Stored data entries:
──────────

(* Let $N\ge2$, let $B=\{(s_k,\tilde s_k)\}_{0\le k<N}$ be a Pauli frame, let $p\in\mathcal P$, and let $i\ne j$ be qubits such that $(\lambda(s_i,p),\lambda(\tilde s_i,p))\ne(0,0)$ and $(\lambda(s_j,p),\lambda(\tilde s_j,p))\ne(0,0)$. For $\sigma,\tau\in\{X,Y,Z\}$ let $C(\sigma,\tau)_{ij}=\tfrac12(I+\sigma_i)+\tfrac12(I-\sigma_i)\tau_j$. Then among the nine gates $C(\sigma,\tau)_{ij}$, exactly four satisfy $\mathrm{Supp}(p,C(\sigma,\tau)_{ij}\cdot B)=\mathrm{Supp}(p,B)-1$, and the other five satisfy $\mathrm{Supp}(p,C(\sigma,\tau)_{ij}\cdot B)=\mathrm{Supp}(p,B)$.
   Context: Pauli space: $\mathcal P$ is the set of $N$-qubit Pauli operators modulo overall phase, an $\mathbb F_2$-vector space with addition given by product (mod phase); $\lambda(p,q)\in\mathbb F_2$ is $0$ if $p,q$ commute and $1$ otherwise. A Pauli frame is an ordered tuple $B=\{(s_k,\tilde s_k)\}_{0\le k<N}$ of elements of $\mathcal P$ with $\lambda(s_k,s_l)=\lambda(\tilde s_k,\tilde s_l)=0$, $\lambda(s_k,\tilde s_l)=\delta_{kl}$. For a frame $B$ let $\phi_B$ be the linear map of $\mathcal P$ with $\phi_B(Z_k)=s_k$, $\phi_B(X_k)=\tilde s_k$. The backward action of a Clifford unitary $V$ on $B$ is $V\cdot B:=\{(\phi_B(V^\dagger Z_kV),\phi_B(V^\dagger X_kV))\}_k$ (mod phase). Relative support: $\mathrm{Supp}(p,B)=\sum_k\big(\lambda(s_k,p)\vee\lambda(\tilde s_k,p)\big)$, with $\vee$ the logical OR and the sum over integers. *)

From mathcomp Require Import all_boot.
Set Implicit Arguments. Unset Strict Implicit. Unset Printing Implicit Defensive.

(* An N-qubit Pauli operator modulo phase is X^x Z^z (tensor over qubits),
   encoded by its bits (x_k, z_k) for each qubit k. *)
Definition Pauli (N : nat) := {ffun 'I_N -> bool * bool}.

Definition padd N (p q : Pauli N) : Pauli N :=
  [ffun k => (xorb (p k).1 (q k).1, xorb (p k).2 (q k).2)].
Definition pid N : Pauli N := [ffun _ => (false, false)].

Definition single N (k : 'I_N) (a : bool * bool) : Pauli N :=
  [ffun l => if l == k then a else (false, false)].
Definition Zop N (k : 'I_N) : Pauli N := single k (false, true).
Definition Xop N (k : 'I_N) : Pauli N := single k (true, false).

(* lambda(p,q) : false (=0) iff p, q commute *)
Definition lam N (p q : Pauli N) : bool :=
  \big[addb/false]_(k < N) (((p k).1 && (q k).2) (+) ((p k).2 && (q k).1)).

Record frame (N : nat) := Frame { fs : 'I_N -> Pauli N; fst : 'I_N -> Pauli N }.

Definition is_frame N (B : frame N) : Prop :=
  forall k l : 'I_N,
    lam (fs B k) (fs B l) = false /\ lam (fst B k) (fst B l) = false /\
    lam (fs B k) (fst B l) = (k == l).

(* the linear map phi_B with phi_B(Z_k) = s_k, phi_B(X_k) = st_k *)
Definition phi N (B : frame N) (q : Pauli N) : Pauli N :=
  \big[@padd N/pid N]_(k < N)
     padd (if (q k).1 then fst B k else pid N) (if (q k).2 then fs B k else pid N).

(* The three nontrivial single-qubit Paulis, indexed by 'I_3:
   0 = X, 1 = Y, 2 = Z, as (x,z) bits. *)
Definition pauli1 (a : 'I_3) : bool * bool :=
  match val a with 0 => (true, false) | 1 => (true, true) | _ => (false, true) end.

(* Conjugation V^dagger P V (mod phase) of a Pauli P by the Clifford gate
   V = C(sigma,tau)_{ij} = 1/2 (I + sigma_i) + 1/2 (I - sigma_i) tau_j.
   V is Hermitian and V^dagger P V = P * sigma_i^{lam(P,tau_j)} * tau_j^{lam(P,sigma_i)}
   up to phase. *)
Definition Cconj N (sg tau : 'I_3) (i j : 'I_N) (P : Pauli N) : Pauli N :=
  let si := single i (pauli1 sg) in
  let tj := single j (pauli1 tau) in
  padd P (padd (if lam P tj then si else pid N) (if lam P si then tj else pid N)).

Definition Cact N (sg tau : 'I_3) (i j : 'I_N) (B : frame N) : frame N :=
  Frame (fun k => phi B (Cconj sg tau i j (Zop k)))
        (fun k => phi B (Cconj sg tau i j (Xop k))).

Definition Supp N (p : Pauli N) (B : frame N) : nat :=
  \sum_(k < N) ((lam (fs B k) p) || (lam (fst B k) p)).

From mathcomp Require Import all_boot zify.
Set Implicit Arguments. Unset Strict Implicit. Unset Printing Implicit Defensive.

(* Commutation with the frame is read off the pullback w of p, whose k-th
   component is (lam(s_k,p), lam(st_k,p)): lam(phi_B q, p) = lam(q, w), so
   Supp(p,B) is the number of nontrivial components of w.  The gate C is its
   own adjoint for lam, hence the pullback of p along C.B is C^dag w C, which
   differs from w only on qubits i and j.  What remains is a count over the
   nine gates and the nine possible nonzero pairs (w_i, w_j). *)

Definition symp (a b : bool * bool) : bool := (a.1 && b.2) (+) (a.2 && b.1).
Definition padd1 (a b : bool * bool) : bool * bool := (a.1 (+) b.1, a.2 (+) b.2).

Lemma sympC a b : symp a b = symp b a.
Proof. by case: a b => [[] []] [[] []]. Qed.

Section Lambda.
Context {N : nat}.
Implicit Types (p q r : Pauli N) (k : 'I_N).

Lemma lamE p q : lam p q = \big[addb/false]_(k < N) symp (p k) (q k).
Proof. by []. Qed.

Lemma lamC p q : lam p q = lam q p.
Proof. by rewrite !lamE; apply: eq_bigr => k _; rewrite sympC. Qed.

Lemma lam_paddl p q r : lam (padd p q) r = lam p r (+) lam q r.
Proof.
rewrite !lamE -big_split; apply: eq_bigr => k _; rewrite ffunE.
by case: (p k) (q k) (r k) => [[] []] [[] []] [[] []].
Qed.

Lemma lam_pidl r : lam (pid N) r = false.
Proof. by rewrite lamE big1 // => k _; rewrite ffunE. Qed.

Lemma lam_ifl c p r : lam (if c then p else pid N) r = c && lam p r.
Proof. by case: c; rewrite ?lam_pidl. Qed.

Lemma lam_singlel k a r : lam (single k a) r = symp a (r k).
Proof.
rewrite lamE (bigD1 k) //= big1 ?addbF ?ffunE ?eqxx // => l /negbTE nlk.
by rewrite ffunE nlk.
Qed.

End Lambda.

Definition pullback N (B : frame N) (p : Pauli N) : Pauli N :=
  [ffun k => (lam (fs B k) p, lam (fst B k) p)].

Definition weight N (q : Pauli N) : nat := \sum_(k < N) (q k != (false, false)).

Lemma lam_phi N (B : frame N) (p q : Pauli N) : lam (phi B q) p = lam q (pullback B p).
Proof.
rewrite /phi (big_morph (fun x => lam x p) (fun q r : Pauli N => lam_paddl q r p) (lam_pidl p)).
rewrite [RHS]lamE; apply: eq_bigr => k _ /=; rewrite lam_paddl !lam_ifl ffunE /symp /=.
by case: (q k) => [[] []]; rewrite /= ?addbF.
Qed.

Lemma Supp_pullback N (B : frame N) (p : Pauli N) : Supp p B = weight (pullback B p).
Proof.
by apply: eq_bigr => k _; rewrite ffunE; case: (lam _ p); case: (lam _ p).
Qed.

Section Gate.
Variables (N : nat) (sg tau : 'I_3) (i j : 'I_N).

Lemma lam_Cconj (P w : Pauli N) : lam (Cconj sg tau i j P) w = lam P (Cconj sg tau i j w).
Proof.
rewrite /Cconj [RHS]lamC !lam_paddl !lam_ifl ![lam w _]lamC ![lam (single _ _) P]lamC.
by congr (_ (+) _); rewrite [RHS]addbC; congr (_ (+) _); apply: andbC.
Qed.

Lemma pullback_Cact (B : frame N) (p : Pauli N) :
  pullback (Cact sg tau i j B) p = Cconj sg tau i j (pullback B p).
Proof.
apply/ffunP => k; rewrite [LHS]ffunE /= !lam_phi !lam_Cconj !lam_singlel /symp /=.
by rewrite addbF; case: (Cconj _ _ _ _ _ k).
Qed.

Lemma Cconj_out (w : Pauli N) k : k != i -> k != j -> Cconj sg tau i j w k = w k.
Proof.
move=> /negbTE ki /negbTE kj; rewrite ffunE.
by case: (lam _ _); case: (lam _ _); rewrite !ffunE ?ki ?kj; case: (w k) => [[] []].
Qed.

Definition cgate (a b : bool * bool) : (bool * bool) * (bool * bool) :=
  (padd1 a (if symp b (pauli1 tau) then pauli1 sg else (false, false)),
   padd1 b (if symp a (pauli1 sg) then pauli1 tau else (false, false))).

Hypothesis hij : i != j.

Lemma Cconj_ij (w : Pauli N) :
  (Cconj sg tau i j w i, Cconj sg tau i j w j) = cgate (w i) (w j).
Proof.
have nji : (j == i) = false by rewrite eq_sym (negbTE hij).
rewrite /Cconj /cgate ![lam w _]lamC !lam_singlel ![symp (pauli1 _) _]sympC.
case: (symp (w j) _); case: (symp (w i) _);
  rewrite !ffunE ?eqxx ?(negbTE hij) ?nji /padd1 /=;
  by case: (w i) (w j) (pauli1 sg) (pauli1 tau) => [[] []] [[] []] [[] []] [[] []].
Qed.

End Gate.

Section Weight.
Variables (N : nat) (i j : 'I_N).
Hypothesis hij : i != j.

Lemma weight_split (q : Pauli N) :
  weight q = (q i != (false, false)) + (q j != (false, false))
             + \sum_(k | (k != i) && (k != j)) (q k != (false, false)).
Proof. by rewrite /weight (bigD1 i) // (bigD1 j) 1?eq_sym //= addnA. Qed.

Lemma weight_update (q q' : Pauli N) :
  (forall k, k != i -> k != j -> q' k = q k) ->
  weight q' + (q i != (false, false)) + (q j != (false, false)) =
  weight q + (q' i != (false, false)) + (q' j != (false, false)).
Proof.
move=> eq_out; rewrite !weight_split.
have -> : \sum_(k | (k != i) && (k != j)) (q' k != (false, false)) =
          \sum_(k | (k != i) && (k != j)) (q k != (false, false)).
  by apply: eq_bigr => k /andP[ki kj]; rewrite eq_out.
lia.
Qed.

End Weight.

Lemma card_pairs3 (P : pred ('I_3 * 'I_3)) :
  #|[set g | P g]| = \sum_(a < 3) \sum_(b < 3) P (a, b).
Proof.
rewrite cardsE -sum1_card pair_bigA big_mkcond; apply: eq_bigr => -[a b] _ /=.
by rewrite unfold_in; case: (P (a, b)).
Qed.

Definition weight2 (c : (bool * bool) * (bool * bool)) : nat :=
  (c.1 != (false, false)) + (c.2 != (false, false)).

Lemma cgate_count (a b : bool * bool) : a != (false, false) -> b != (false, false) ->
  #|[set g | weight2 (cgate g.1 g.2 a b) == 1]| = 4 /\
  #|[set g | weight2 (cgate g.1 g.2 a b) == 2]| = 5.
Proof.
by case: a b => [[] []] [[] []] // _ _; rewrite !card_pairs3 !big_ord_recr !big_ord0.
Qed.

Theorem mainTheorem6 (N : nat) (hN : 2 <= N) (B : frame N) (hB : is_frame B)
  (p : Pauli N) (i j : 'I_N) (hij : i != j)
  (hi : (lam (fs B i) p, lam (fst B i) p) != (false, false))
  (hj : (lam (fs B j) p, lam (fst B j) p) != (false, false)) :
  #|[set g : 'I_3 * 'I_3 | Supp p (Cact g.1 g.2 i j B) == (Supp p B).-1]| = 4 /\
  #|[set g : 'I_3 * 'I_3 | Supp p (Cact g.1 g.2 i j B) == Supp p B]| = 5.
Proof.
set w := pullback B p.
have wi : w i != (false, false) by rewrite ffunE.
have wj : w j != (false, false) by rewrite ffunE.
have [count1 count2] := cgate_count wi wj.
have update (g : 'I_3 * 'I_3) :
    Supp p (Cact g.1 g.2 i j B) + 2 =
    weight w + weight2 (cgate g.1 g.2 (w i) (w j)).
  rewrite Supp_pullback pullback_Cact -/w -(Cconj_ij _ _ hij) /weight2 /=.
  by have := weight_update hij (Cconj_out g.1 g.2 w); rewrite wi wj; lia.
have w_ge2 : 2 <= weight w by rewrite (weight_split hij) wi wj.
rewrite Supp_pullback -/w; split; [rewrite -count1 | rewrite -count2];
  apply: eq_card => g; rewrite !inE; have := update g;
  by move: (Supp _ _) (weight2 _) => a b E; apply/eqP/eqP; lia.
Qed.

──────────

Begin at the line that has "(* The three" in the entries above; stop after the line that has "padd P (padd". Transcribe exactly those lines and no others.

(* The three nontrivial single-qubit Paulis, indexed by 'I_3:
   0 = X, 1 = Y, 2 = Z, as (x,z) bits. *)
Definition pauli1 (a : 'I_3) : bool * bool :=
  match val a with 0 => (true, false) | 1 => (true, true) | _ => (false, true) end.

(* Conjugation V^dagger P V (mod phase) of a Pauli P by the Clifford gate
   V = C(sigma,tau)_{ij} = 1/2 (I + sigma_i) + 1/2 (I - sigma_i) tau_j.
   V is Hermitian and V^dagger P V = P * sigma_i^{lam(P,tau_j)} * tau_j^{lam(P,sigma_i)}
   up to phase. *)
Definition Cconj N (sg tau : 'I_3) (i j : 'I_N) (P : Pauli N) : Pauli N :=
  let si := single i (pauli1 sg) in
  let tj := single j (pauli1 tau) in
  padd P (padd (if lam P tj then si else pid N) (if lam P si then tj else pid N)).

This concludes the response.